**About this exercise**. Look through the entries for the string "vzero" and copy every line where it shows up.

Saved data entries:
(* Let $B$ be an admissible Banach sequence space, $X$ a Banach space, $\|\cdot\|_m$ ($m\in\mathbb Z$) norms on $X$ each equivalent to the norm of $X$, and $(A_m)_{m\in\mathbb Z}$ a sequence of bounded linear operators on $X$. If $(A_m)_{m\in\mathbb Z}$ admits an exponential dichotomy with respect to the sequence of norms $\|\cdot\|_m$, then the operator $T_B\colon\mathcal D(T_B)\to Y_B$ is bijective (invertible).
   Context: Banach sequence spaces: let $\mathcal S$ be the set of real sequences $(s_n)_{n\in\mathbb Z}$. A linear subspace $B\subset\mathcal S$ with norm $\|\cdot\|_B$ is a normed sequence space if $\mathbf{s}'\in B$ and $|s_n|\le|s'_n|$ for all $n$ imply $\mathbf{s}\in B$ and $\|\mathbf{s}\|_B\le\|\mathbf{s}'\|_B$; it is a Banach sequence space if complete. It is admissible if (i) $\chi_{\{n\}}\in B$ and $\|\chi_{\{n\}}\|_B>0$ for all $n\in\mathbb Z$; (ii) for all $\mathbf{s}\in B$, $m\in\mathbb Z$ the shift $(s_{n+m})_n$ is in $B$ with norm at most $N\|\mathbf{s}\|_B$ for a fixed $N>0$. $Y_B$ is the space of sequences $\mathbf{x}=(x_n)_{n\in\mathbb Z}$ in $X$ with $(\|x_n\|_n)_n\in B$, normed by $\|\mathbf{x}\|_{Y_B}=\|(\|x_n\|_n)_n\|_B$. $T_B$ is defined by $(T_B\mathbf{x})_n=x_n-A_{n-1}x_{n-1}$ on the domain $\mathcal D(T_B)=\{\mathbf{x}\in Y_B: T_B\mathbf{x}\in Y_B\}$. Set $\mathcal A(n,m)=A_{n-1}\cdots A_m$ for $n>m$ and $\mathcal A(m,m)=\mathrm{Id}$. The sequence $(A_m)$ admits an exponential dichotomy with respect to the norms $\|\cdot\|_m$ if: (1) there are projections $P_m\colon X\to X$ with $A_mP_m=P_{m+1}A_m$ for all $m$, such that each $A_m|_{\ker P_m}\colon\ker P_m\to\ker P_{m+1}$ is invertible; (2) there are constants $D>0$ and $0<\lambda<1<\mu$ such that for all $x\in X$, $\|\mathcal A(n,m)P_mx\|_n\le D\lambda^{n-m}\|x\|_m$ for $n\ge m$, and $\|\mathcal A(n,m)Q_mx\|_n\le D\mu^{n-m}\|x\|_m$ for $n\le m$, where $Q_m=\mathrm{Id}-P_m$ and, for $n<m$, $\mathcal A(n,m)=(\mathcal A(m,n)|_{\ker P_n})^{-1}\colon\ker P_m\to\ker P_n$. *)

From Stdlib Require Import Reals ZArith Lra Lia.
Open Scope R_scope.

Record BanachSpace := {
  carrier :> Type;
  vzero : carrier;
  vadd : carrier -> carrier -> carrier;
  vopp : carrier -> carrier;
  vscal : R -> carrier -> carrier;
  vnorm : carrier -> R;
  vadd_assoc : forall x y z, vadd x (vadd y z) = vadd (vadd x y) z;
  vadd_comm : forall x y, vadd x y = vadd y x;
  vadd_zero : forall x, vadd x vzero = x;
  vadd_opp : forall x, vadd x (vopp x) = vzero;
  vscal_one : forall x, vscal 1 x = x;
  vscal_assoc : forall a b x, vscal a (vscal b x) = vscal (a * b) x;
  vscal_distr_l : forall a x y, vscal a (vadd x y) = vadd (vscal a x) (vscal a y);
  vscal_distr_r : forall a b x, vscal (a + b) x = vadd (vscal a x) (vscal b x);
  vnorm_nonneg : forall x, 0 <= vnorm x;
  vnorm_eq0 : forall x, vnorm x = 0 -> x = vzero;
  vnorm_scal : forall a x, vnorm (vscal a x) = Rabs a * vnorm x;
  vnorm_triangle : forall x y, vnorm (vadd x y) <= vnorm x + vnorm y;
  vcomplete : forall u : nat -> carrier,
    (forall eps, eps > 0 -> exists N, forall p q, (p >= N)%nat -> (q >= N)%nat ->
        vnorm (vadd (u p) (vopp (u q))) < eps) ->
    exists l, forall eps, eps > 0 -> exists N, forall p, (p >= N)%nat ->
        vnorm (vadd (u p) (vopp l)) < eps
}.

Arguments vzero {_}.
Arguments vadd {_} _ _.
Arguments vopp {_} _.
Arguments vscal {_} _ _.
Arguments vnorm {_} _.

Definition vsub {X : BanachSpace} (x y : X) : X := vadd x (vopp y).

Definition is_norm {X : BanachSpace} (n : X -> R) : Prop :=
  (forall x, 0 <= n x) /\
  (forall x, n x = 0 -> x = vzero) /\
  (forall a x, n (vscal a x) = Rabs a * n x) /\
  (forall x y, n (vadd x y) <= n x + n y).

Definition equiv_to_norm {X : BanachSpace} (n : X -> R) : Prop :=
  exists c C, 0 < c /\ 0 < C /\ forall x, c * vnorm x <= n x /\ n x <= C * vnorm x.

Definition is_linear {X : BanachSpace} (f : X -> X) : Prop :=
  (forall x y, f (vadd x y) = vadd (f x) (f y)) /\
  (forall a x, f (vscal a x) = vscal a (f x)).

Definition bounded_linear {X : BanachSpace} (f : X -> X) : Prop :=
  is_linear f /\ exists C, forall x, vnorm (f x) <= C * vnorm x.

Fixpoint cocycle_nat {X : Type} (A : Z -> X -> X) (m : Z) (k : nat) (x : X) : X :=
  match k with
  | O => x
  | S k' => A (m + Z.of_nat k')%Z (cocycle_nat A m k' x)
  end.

**Result for this exercise**.
  vzero : carrier;
  vadd_zero : forall x, vadd x vzero = x;
  vadd_opp : forall x, vadd x (vopp x) = vzero;
  vnorm_eq0 : forall x, vnorm x = 0 -> x = vzero;
Arguments vzero {_}.
  (forall x, n x = 0 -> x = vzero) /\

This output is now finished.